17.01.2013 - 17.01.2013 32 °C
We were a bit slow getting up this morning, so we decided to use what was left our morning to try and find the US dollars we need for Myanmar. For some reason we are not aware of, the people of Myanmar only accept brand new, unblemished dollars. This means, no folds, no stains, tears or even bank stamps. We have researched already on the internet where we could get the dollars in Bangkok so we went their first.
When we got there the place was closed until 11:30, we didn't have long to wait so we went and had lunch across the street. We were lured in by a very persuasive Thai man, given a plate of rice each and then had to choose from vast amount of curries all on display. It was very good, but probably a bit too early in the morning for a giant plate of curry. We had a walk and then went back to the travel agent. Fortunately they told us that they can do brand new US dollars, unfortunately they only accept cash as payment and the rate was not great. We tried a couple of banks until we found one that also had brand new dollars, with a better rate. At first they also said they only accept cash as payment. The problem we have is that our withdrawal limit for a day is not a lot, and every time you take your money out of an ATM in Thailand you get charged £3. (We did not know this upon arriving, and it is by far the worst thing about the country). We explained this to the lady at the bank and she was about to let us pay by our card to get the dollars when she asked us for our passports......they are at the embassy. So this will have to wait until tomorrow evening.
By this point we were quite stressed out so went to spend the afternoon sightseeing. The extortionate fee we paid to visit the Grand Palace also gets you into another site further up town. We walked there, calling for a fruit shake on the way, and managed to find our way and only getting lost once.
We were surprised when we got there as we thought the sight we had come to see was Vimanmek Mansion. It turned out to be a collection of sights that aren't mentioned in our guide book. The first is a large impressive building, Ananta Samakhom Throne Hall; there is also a support museum for the mansion and an 'arts of the kingdom' exhibition. We took a couple of photos of the large building from the outside, when we got inside the grounds there were sign everywhere saying photos were prohibited and you even had to leave your camera in a locker before entering the sights.
What our guidebook also fails to mention (or if it does we did not read it correctly) is that you have to cover up, Ladies to the knees, gents to the ankles (who knows why this is). It is fair to say we were 'inappropriately' dressed and we had to buy sarongs to cover up for 50 baht each, as they do not rent them out like every other place we have been. Once dressed in our newly owned sarongs, and possessions locked away in a locker we went to the throne hall building first. Before we could go in here we were searched and had to go through a metal detector. By this point we were fairly perplexed and could not see why all this security and other measures were necessary.

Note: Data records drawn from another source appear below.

(* The partition of the vertices of G* into the centre, the two ends of P_3, the
   middle of P_3, the cycle vertices and the matching vertices is equitable for Q.
   A vector that is constant on the classes is thus an eigenvector for x as soon as
   its five values solve the quotient system.  Solving the four non-central
   equations by cofactors leaves one polynomial equation in x, whose left side is
   -120 - 48 S - 80 q at 0 and 8 at 1 (S = sum of the s_i); so it has a root x in
   [0, 1), where the central value (x - 1)(x - 3)(x - 4)(x - 5) is positive. *)

Definition proper_edge (n : nat) (e : nat * nat) : bool :=
  [&& e.1 < n, e.2 < n & e.1 != e.2].

Definition incidence (E : seq (nat * nat)) (j : nat) : nat :=
  count (fun e => e.1 == j) E + count (fun e => e.2 == j) E.

Definition edge_within (lo hi : nat) (e : nat * nat) : bool :=
  (lo <= e.1 < hi) && (lo <= e.2 < hi).

Definition matching_edges (o q : nat) : seq (nat * nat) :=
  [seq (o + 2 * k, (o + 2 * k).+1) | k <- iota 0 q].

Definition star_edges (N : nat) : seq (nat * nat) := [seq (0%N, v) | v <- iota 1 N].
Arguments star_edges : simpl never.

Lemma count_iota_eq o m j : count (fun i => o + i == j) (iota 0 m) = (o <= j < o + m).
Proof.
rewrite -(count_map (addn o) (pred1 j)) -iotaDl addn0.
by rewrite count_uniq_mem ?iota_uniq // mem_iota.
Qed.

Lemma map_succ_mod_iota m : [seq i.+1 %% m | i <- iota 0 m] = rot 1 (iota 0 m).
Proof.
case: m => // m; rewrite [in LHS](_ : iota 0 m.+1 = iota 0 m ++ [:: m]).
  rewrite map_cat /= modnn rot1_cons -cats1 -[1]addn0 iotaDl; congr (_ ++ _).
  apply/eq_in_map => i; rewrite mem_iota => /andP [_ lt_im].
  by rewrite modn_small ?add1n.
by rewrite -addn1 iotaD.
Qed.

Lemma count_iota_succ_mod_eq o m j :
  count (fun i => o + i.+1 %% m == j) (iota 0 m) = (o <= j < o + m).
Proof.
rewrite -(count_map (fun i => i.+1 %% m) (fun k => o + k == j)) map_succ_mod_iota.
have /permP -> : perm_eq (rot 1 (iota 0 m)) (iota 0 m) by rewrite perm_rot.
by rewrite count_iota_eq.
Qed.

Lemma incidence_cycle_edges o s j :
  incidence (cycle_edges o s) j = 2 * (o <= j < o + sumn s).
Proof.
rewrite /incidence; elim: s o => [|m s IHs] o /=; first by rewrite addn0; case: ltnP; lia.
rewrite !count_cat !count_map addnACA IHs.
rewrite (eq_count (a2 := fun i => o + i == j)) // count_iota_eq.
rewrite (eq_count (a2 := fun i => o + i.+1 %% m == j)) // count_iota_succ_mod_eq.
case: (leqP o j); case: (ltnP j (o + m)); case: (ltnP j (o + m + sumn s)); lia.
Qed.

Lemma cycle_edges_within o s :
  all (edge_within o (o + sumn s)) (cycle_edges o s).
Proof.
elim: s o => [|m s IHs] o //=; rewrite all_cat; apply/andP; split.
  rewrite all_map; apply/allP => i; rewrite mem_iota add0n => /andP [_ lt_im] /=.
  have : i.+1 %% m < m by rewrite ltn_pmod //; lia.
  rewrite /edge_within /=; lia.
by apply: sub_all (IHs (o + m)) => e; rewrite /edge_within; lia.
Qed.

Lemma cycle_edges_loopless o s : all (fun m => 2 <= m) s ->
  all (fun e => e.1 != e.2) (cycle_edges o s).
Proof.
elim: s o => [|m s IHs] o //= /andP [ge2_m ge2_s]; rewrite all_cat IHs // andbT.
rewrite all_map; apply/allP => i; rewrite mem_iota add0n => /andP [_ lt_im] /=.
rewrite eqn_add2l; case: (ltnP i.+1 m) => [lt_i1m|ge_i1m].
  by rewrite modn_small // neq_ltn ltnSn.
by rewrite (_ : i.+1 = m) ?modnn //; lia.
Qed.

Lemma incidence_matching_edges o q j :
  incidence (matching_edges o q) j = (o <= j < o + 2 * q).
Proof.
rewrite /incidence /matching_edges !count_map.
elim: q => [|q IHq]; first by rewrite /=; lia.
have -> : iota 0 q.+1 = iota 0 q ++ [:: q] by rewrite -addn1 iotaD.
rewrite !count_cat /= !addn0; move: IHq.
case: eqP => /=; case: eqP => /=; lia.
Qed.

Lemma matching_edges_within o q : all (edge_within o (o + 2 * q)) (matching_edges o q).
Proof.
rewrite all_map; apply/allP => k; rewrite mem_iota add0n => /andP [_ lt_kq].
rewrite /edge_within /=; lia.
Qed.

Lemma matching_edges_loopless o q : all (fun e => e.1 != e.2) (matching_edges o q).
Proof. by rewrite all_map; apply/allP => k _ /=; rewrite neq_ltn ltnSn. Qed.

Section QRowSums.
Local Open Scope ring_scope.
Variable R : comNzRingType.
Implicit Types (w : nat -> R) (E : seq (nat * nat)).

Definition edge_term w (j : nat) (e : nat * nat) : R :=
  (e.2 == j)%:R * (w e.1 + w j) + (e.1 == j)%:R * (w e.2 + w j).

Lemma sumr_count (T : Type) (r : seq T) (P : pred T) :
  \sum_(x <- r) (P x)%:R = (count P r)%:R :> R.
Proof. by elim: r => [|x r IH]; rewrite ?big_nil ?big_cons //= IH natrD. Qed.

Lemma sum_ord_delta n w a : (a < n)%N -> \sum_(i < n) (a == i)%:R * w i = w a.
Proof.
move=> lt_an; rewrite (bigD1 (Ordinal lt_an)) //= eqxx mul1r big1 ?addr0 // => i.
by rewrite -val_eqE eq_sym => /negPf /= ->; rewrite mul0r.
Qed.

Lemma row_mulmx_edge n w (e : nat * nat) (j : 'I_n) :
  proper_edge n e ->
  \sum_(i < n) w i * ((e == (i : nat, j : nat)) || (e == (j : nat, i : nat)))%:R
  + w j * \sum_(i < n) ((e == (j : nat, i : nat)) || (e == (i : nat, j : nat)))%:R
  = edge_term w j e.
Proof.
case: e => a b /and3P [/= lt_an lt_bn neq_ab].
have match_split (i k : nat) : (((a, b) == (i, k)) || ((a, b) == (k, i)))%:R
    = (a == i)%:R * (b == k)%:R + (b == i)%:R * (a == k)%:R :> R.
  rewrite !xpair_eqE; case: (eqVneq a i) => [Eai|_]; case: (eqVneq b k) => _;
    case: (eqVneq a k) => _; case: (eqVneq b i) => [Ebi|_];
    rewrite /= ?mul1r ?mul0r ?addr0 ?add0r //.
  by move: neq_ab; rewrite Eai Ebi eqxx.
under eq_bigr => i _ do rewrite match_split mulrDr !(mulrCA (w i)).
under [in X in _ + _ * X]eq_bigr => i _ do
  rewrite match_split addrC (mulrC (b == j)%:R) (mulrC (a == j)%:R).
rewrite !big_split /= (sum_ord_delta (fun k => w k * _) lt_an).
rewrite (sum_ord_delta (fun k => w k * _) lt_bn).
rewrite (sum_ord_delta (fun=> (b == j)%:R) lt_an) (sum_ord_delta (fun=> (a == j)%:R) lt_bn).
rewrite /edge_term; ring.
Qed.

Lemma row_mulmx_Qmx n E w (j : 'I_n) : all (proper_edge n) E ->
  ((\row_(i < n) w i) *m Qmx R n E) 0 j = \sum_(e <- E) edge_term w j e.
Proof.
move=> wfE; rewrite /Qmx mulmxDr /degmx mul_mx_diag !mxE.
under eq_bigr do rewrite !mxE -sumr_count mulr_sumr.
under [in X in _ + _ * X]eq_bigr do rewrite !mxE -sumr_count.
rewrite exchange_big [X in _ + _ * X]exchange_big mulr_sumr -big_split /=.
apply: eq_big_seq => e /(allP wfE) proper_e.
by rewrite -row_mulmx_edge // big_distrr.
Qed.

Lemma sum_edge_term_within E w c lo hi j :
  all (edge_within lo hi) E -> (forall k, (lo <= k < hi)%N -> w k = c) ->
  \sum_(e <- E) edge_term w j e = (incidence E j)%:R * (2 * c).
Proof.
move=> withinE wc; rewrite /incidence natrD mulrDl -!sumr_count !big_distrl -big_split /=.
have ind_term k : w k = c -> (k == j)%:R * (c + w j) = (k == j)%:R * (2 * c).
  by case: eqVneq => [<- ->|_]; rewrite ?mul0r //; ring.
apply: eq_big_seq => e /(allP withinE) /andP [/wc w1 /wc w2].
by rewrite /edge_term w1 w2 !ind_term // addrC.
Qed.

Lemma sum_edge_term_star_centre N w :
  \sum_(e <- star_edges N) edge_term w 0 e = \sum_(v <- iota 1 N) w v + N%:R * w 0%N.
Proof.
rewrite big_map (eq_big_seq (fun v => w v + w 0%N)) => [|v]; last first.
  by rewrite mem_iota /edge_term /= => /andP [/gtn_eqF -> _]; rewrite mul0r add0r mul1r.
by rewrite big_split /= big_const_seq count_predT size_iota iter_addr_0 mulr_natl.
Qed.

Lemma sum_edge_term_star_leaf N w j : (0 < j <= N)%N ->
  \sum_(e <- star_edges N) edge_term w j e = w 0%N + w j.
Proof.
case/andP=> gt0_j le_jN; rewrite big_map.
under eq_bigr => v _ do rewrite /edge_term /= (ltn_eqF gt0_j) mul0r addr0.
rewrite -big_distrl sumr_count count_uniq_mem ?iota_uniq //.
by rewrite mem_iota gt0_j add1n ltnS le_jN /= mul1r.
Qed.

The throne hall building is incredible; it is a large white building with a great dome in the middle, reminiscent of a Victorian building in England. Inside is very decorative, all the walls and roof is painted with different scenes and everything is gold. There are several artefacts inside from the royal history, golden thrones, golden model boats, even the seats used for sitting on the royal elephants were golden and encrusted with diamonds. In spite of this the building is far more impressive than its contents in our opinion. There were several floors to the building with a variety on show and when we entered the building we were given our free audio guide that explained what they were. There was also a school trip within the building at the time which was very loud, and they also found the sight of Liam in his sarong hilarious.
Once we had done the hall, we went onto see a small museum, a photography exhibition (which just contained photos of irrigation works) and then the Teak mansion we had originally come to see. The mansion is made entirely of Teak, and is apparently put together without screws or nails. It is a very pretty building, sat in the grounds of a stream and has a very colonial feel to it. We were caught in between a couple of Thai tour groups throughout the building but we still enjoyed the visit. We walked round the rooms decorated as they were when the house was lived in, and the furniture and decor had an old European style apart from the dozens of elephant tusks on display in each room, and the hunting room with old guns, elephant feet and what looked like rhino horns.
When we had done we had had enough walking so much to the joy of Chelsea jumped into a golf cart, (free tourist shuttle) that took us back to collect our possessions and then jumped in another Tuk-Tuk outside the grounds to take us back to our guesthouse.
We went out for tea quite late, and fancied a change to noodles and rice. We headed down Khao San Road, where there is plenty of food to choose from and decided to graze on what was on offer on the street. We decided on a large slice of pizza and a chicken kebab from a couple of stalls. The kebab in particular was delicious. We had another walk round to marvel at the sights of Khao San Road, until Liam was fed up of being asked if he wanted to buy a suit and we went for a drink before coming back.
The mansion we went to see was alot better than we expected and made the entry fee to the Grand Palace seem a lot more reasonable. We didn't expect all the other sights and we enjoyed looking around them. The throne hall especially and Goldmember would agree...'i like gold' (Chelsea found this particular gag hilarious and sat chuckling to herself and repeated 'I like gold' in the voice of Goldmember the wholetime we were there) Tomorrow we plan to see another one of the big temples in the city, Wat Arun, and then head into the more up market bit of the city before picking up our Visa's for Myanmar.